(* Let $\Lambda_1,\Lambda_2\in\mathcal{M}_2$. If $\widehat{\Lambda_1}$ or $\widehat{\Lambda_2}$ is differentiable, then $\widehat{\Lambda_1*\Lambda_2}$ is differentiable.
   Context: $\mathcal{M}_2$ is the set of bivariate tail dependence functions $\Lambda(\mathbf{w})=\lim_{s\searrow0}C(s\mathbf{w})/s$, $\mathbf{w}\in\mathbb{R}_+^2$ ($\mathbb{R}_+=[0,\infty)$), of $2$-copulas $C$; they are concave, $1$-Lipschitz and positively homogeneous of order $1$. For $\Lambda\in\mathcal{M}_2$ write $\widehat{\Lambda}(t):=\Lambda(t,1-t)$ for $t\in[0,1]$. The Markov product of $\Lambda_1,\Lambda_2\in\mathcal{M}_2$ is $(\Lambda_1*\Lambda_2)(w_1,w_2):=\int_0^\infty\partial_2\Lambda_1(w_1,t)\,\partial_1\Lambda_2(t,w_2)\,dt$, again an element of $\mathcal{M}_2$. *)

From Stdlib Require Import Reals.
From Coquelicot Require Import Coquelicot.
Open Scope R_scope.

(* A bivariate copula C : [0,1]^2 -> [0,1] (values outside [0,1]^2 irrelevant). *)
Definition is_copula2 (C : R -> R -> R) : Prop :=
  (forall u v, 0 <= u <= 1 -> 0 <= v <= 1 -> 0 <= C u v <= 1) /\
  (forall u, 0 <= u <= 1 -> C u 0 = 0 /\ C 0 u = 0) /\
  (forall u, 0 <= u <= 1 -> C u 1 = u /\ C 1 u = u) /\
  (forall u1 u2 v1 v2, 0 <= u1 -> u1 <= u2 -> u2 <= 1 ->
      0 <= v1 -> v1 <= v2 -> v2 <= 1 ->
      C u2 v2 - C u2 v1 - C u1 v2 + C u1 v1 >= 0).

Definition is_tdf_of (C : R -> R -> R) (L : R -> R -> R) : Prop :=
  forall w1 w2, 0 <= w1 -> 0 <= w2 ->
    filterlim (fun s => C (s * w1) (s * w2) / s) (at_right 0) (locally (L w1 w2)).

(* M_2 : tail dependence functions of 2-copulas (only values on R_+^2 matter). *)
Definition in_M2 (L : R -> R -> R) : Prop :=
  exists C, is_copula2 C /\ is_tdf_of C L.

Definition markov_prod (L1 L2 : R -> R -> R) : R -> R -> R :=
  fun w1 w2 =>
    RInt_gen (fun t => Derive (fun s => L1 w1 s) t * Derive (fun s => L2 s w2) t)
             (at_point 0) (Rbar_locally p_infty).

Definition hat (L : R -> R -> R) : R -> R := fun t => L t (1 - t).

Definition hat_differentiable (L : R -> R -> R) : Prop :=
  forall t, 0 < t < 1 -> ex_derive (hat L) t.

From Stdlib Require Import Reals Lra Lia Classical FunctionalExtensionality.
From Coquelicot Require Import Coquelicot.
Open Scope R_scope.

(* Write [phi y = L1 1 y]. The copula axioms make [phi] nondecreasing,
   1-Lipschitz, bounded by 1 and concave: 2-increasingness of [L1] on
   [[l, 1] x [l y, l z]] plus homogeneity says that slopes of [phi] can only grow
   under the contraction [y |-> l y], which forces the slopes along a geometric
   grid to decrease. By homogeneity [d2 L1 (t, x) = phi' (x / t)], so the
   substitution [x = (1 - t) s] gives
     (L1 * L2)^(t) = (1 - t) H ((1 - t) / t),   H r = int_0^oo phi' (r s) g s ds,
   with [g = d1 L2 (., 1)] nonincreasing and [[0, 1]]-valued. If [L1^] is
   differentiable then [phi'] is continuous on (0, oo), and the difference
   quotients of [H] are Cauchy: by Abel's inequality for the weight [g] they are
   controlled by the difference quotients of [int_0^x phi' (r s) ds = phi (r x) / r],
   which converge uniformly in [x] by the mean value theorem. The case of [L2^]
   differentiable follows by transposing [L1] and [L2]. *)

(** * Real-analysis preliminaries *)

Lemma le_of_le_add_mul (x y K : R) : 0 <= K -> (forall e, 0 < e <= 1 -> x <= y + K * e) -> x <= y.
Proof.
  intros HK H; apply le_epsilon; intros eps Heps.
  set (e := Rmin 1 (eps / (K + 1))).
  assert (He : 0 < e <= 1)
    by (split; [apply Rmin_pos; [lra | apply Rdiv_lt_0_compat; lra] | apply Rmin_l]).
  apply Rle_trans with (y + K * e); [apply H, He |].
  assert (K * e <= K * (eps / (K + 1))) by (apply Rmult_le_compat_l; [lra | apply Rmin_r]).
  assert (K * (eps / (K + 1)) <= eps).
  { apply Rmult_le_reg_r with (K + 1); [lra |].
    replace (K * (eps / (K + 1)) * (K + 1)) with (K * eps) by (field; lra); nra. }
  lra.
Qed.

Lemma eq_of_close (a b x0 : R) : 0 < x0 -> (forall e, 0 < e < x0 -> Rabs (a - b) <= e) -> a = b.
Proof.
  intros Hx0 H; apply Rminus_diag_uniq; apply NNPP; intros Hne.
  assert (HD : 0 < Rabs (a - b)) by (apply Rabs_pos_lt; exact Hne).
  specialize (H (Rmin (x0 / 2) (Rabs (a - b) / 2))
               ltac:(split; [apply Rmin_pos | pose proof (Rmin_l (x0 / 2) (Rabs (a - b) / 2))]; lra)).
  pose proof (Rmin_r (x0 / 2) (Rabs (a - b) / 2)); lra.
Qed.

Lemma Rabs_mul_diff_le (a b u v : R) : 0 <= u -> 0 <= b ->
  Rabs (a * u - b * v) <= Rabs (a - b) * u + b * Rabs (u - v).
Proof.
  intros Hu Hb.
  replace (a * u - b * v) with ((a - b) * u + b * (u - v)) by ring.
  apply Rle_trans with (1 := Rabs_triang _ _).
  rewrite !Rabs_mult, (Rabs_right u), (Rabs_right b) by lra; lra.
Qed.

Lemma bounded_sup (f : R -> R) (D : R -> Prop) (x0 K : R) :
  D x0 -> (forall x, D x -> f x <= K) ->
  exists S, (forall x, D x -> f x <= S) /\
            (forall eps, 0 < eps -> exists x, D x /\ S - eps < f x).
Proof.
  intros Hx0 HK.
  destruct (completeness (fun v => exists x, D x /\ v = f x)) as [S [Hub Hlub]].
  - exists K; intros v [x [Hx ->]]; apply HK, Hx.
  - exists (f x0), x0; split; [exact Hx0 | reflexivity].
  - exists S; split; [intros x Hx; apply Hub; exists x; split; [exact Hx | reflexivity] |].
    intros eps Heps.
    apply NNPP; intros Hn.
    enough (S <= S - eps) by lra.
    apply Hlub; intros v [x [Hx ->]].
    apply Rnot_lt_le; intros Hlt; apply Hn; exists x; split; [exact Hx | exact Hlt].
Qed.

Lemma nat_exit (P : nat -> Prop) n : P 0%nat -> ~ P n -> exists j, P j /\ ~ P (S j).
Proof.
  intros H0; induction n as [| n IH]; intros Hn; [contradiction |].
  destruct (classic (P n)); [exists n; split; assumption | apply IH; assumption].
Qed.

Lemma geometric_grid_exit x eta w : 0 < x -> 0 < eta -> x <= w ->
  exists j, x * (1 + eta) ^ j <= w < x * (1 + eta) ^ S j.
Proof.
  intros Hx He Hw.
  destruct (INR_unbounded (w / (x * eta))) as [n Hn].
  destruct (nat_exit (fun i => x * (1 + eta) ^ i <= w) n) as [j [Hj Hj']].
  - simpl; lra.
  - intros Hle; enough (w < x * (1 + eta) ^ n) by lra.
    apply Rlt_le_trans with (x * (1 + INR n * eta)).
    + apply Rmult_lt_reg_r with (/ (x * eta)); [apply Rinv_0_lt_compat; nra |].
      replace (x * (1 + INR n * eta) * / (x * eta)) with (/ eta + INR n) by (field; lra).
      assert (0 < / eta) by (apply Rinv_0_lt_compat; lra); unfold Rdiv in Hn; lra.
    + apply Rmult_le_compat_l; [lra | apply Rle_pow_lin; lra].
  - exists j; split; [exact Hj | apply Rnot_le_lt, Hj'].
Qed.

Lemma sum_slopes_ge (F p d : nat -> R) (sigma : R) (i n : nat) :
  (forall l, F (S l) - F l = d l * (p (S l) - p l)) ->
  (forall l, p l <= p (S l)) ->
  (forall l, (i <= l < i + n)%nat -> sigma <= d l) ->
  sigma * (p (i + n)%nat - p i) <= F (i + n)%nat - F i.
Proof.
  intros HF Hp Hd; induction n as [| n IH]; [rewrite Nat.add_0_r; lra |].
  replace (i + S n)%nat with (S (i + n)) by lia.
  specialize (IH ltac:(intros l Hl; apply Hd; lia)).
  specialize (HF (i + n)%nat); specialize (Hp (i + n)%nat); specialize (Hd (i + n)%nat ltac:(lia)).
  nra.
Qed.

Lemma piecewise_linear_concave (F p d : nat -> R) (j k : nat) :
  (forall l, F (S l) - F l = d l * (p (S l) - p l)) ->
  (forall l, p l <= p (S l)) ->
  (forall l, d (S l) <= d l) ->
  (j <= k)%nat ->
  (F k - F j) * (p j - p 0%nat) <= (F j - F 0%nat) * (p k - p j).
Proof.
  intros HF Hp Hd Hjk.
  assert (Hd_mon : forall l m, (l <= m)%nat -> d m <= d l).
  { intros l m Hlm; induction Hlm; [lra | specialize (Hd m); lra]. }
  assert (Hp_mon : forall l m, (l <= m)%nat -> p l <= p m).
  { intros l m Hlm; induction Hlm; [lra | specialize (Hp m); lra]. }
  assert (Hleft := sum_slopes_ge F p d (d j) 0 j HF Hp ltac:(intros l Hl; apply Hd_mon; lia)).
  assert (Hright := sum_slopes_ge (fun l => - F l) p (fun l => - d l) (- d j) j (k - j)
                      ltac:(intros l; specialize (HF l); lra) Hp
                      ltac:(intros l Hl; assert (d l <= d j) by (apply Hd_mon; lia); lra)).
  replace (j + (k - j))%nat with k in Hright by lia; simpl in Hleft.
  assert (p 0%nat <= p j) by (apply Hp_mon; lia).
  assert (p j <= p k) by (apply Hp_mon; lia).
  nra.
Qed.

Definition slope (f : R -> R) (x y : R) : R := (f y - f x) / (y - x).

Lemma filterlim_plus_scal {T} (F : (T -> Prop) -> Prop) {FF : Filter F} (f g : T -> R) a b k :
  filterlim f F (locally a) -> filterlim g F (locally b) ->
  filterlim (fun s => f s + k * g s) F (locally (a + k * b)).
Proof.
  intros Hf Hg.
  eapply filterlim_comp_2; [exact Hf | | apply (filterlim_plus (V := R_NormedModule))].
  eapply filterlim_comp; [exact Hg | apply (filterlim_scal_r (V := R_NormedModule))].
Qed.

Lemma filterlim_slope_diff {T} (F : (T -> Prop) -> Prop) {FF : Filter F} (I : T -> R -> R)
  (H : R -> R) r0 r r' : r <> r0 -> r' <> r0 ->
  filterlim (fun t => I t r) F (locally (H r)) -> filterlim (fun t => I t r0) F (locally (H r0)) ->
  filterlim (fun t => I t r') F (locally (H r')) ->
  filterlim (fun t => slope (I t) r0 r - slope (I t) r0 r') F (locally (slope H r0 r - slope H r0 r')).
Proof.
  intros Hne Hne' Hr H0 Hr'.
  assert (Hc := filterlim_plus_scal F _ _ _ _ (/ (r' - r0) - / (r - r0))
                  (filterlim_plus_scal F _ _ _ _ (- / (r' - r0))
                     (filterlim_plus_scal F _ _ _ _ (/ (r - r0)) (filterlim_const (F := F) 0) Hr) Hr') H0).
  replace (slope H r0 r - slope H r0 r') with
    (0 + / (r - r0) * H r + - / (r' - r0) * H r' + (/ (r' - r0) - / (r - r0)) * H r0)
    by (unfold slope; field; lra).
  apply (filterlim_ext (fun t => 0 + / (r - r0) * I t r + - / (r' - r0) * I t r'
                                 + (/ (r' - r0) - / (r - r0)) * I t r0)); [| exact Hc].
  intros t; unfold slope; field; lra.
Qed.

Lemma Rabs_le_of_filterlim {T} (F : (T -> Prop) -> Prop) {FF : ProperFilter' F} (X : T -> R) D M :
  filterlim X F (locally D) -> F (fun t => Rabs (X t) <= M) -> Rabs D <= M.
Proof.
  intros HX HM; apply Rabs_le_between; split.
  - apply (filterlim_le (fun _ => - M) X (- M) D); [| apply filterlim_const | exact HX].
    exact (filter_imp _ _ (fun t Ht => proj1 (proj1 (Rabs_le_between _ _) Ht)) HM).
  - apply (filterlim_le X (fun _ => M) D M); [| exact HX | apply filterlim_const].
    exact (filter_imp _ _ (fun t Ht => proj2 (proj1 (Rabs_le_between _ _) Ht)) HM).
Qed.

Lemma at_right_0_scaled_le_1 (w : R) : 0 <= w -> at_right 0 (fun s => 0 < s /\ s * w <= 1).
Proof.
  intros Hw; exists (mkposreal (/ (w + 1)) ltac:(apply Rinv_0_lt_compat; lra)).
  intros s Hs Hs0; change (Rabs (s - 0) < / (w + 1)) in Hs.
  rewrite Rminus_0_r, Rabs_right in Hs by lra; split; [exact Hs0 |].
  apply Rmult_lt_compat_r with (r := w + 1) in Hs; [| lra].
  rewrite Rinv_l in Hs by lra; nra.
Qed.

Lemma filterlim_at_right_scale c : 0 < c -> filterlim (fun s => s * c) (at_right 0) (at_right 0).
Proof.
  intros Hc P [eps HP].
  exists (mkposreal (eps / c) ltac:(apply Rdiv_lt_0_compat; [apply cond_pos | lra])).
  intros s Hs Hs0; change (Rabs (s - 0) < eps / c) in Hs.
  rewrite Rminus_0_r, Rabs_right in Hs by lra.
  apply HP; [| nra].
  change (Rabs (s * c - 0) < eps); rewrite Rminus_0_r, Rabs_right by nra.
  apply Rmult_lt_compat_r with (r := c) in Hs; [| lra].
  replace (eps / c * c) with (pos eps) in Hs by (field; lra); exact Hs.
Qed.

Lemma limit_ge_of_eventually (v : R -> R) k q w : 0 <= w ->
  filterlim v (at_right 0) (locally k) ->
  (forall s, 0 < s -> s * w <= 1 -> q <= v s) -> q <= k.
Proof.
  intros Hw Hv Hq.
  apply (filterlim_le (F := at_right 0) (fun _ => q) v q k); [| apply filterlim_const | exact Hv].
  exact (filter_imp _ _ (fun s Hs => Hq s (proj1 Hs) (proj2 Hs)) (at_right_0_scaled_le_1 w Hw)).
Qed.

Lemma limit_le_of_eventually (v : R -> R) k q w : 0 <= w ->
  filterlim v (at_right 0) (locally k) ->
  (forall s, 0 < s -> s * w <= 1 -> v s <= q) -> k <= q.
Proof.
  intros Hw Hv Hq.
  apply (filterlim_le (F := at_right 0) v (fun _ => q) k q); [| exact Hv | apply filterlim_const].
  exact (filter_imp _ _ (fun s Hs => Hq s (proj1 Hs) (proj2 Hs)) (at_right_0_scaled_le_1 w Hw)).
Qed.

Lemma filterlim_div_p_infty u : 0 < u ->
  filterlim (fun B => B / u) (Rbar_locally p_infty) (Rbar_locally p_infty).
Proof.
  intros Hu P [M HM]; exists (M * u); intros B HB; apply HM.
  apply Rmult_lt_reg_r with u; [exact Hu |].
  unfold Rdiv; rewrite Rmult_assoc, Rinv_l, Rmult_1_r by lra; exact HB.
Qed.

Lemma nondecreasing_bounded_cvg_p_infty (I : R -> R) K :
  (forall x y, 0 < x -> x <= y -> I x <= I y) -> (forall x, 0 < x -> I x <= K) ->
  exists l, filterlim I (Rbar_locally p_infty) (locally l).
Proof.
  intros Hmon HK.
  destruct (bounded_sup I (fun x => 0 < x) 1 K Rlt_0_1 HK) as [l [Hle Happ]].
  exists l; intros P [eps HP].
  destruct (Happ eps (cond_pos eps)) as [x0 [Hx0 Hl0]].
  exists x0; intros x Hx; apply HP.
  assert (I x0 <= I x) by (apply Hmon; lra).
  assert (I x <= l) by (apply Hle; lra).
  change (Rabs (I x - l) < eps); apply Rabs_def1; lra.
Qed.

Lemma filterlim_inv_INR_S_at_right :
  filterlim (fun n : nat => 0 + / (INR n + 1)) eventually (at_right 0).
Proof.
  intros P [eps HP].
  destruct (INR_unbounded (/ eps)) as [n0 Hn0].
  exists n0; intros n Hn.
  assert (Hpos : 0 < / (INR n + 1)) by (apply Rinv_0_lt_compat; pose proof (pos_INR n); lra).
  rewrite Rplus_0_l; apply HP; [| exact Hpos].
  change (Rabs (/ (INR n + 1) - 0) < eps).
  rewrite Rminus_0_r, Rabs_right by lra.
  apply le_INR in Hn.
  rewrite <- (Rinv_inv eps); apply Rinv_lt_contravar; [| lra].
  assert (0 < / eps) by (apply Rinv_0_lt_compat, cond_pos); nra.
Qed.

### Description of the task
Scan the listing above for the word "eapply" and copy every line that holds it.

### Exercise answer
  eapply filterlim_comp_2; [exact Hf | | apply (filterlim_plus (V := R_NormedModule))].
  eapply filterlim_comp; [exact Hg | apply (filterlim_scal_r (V := R_NormedModule))].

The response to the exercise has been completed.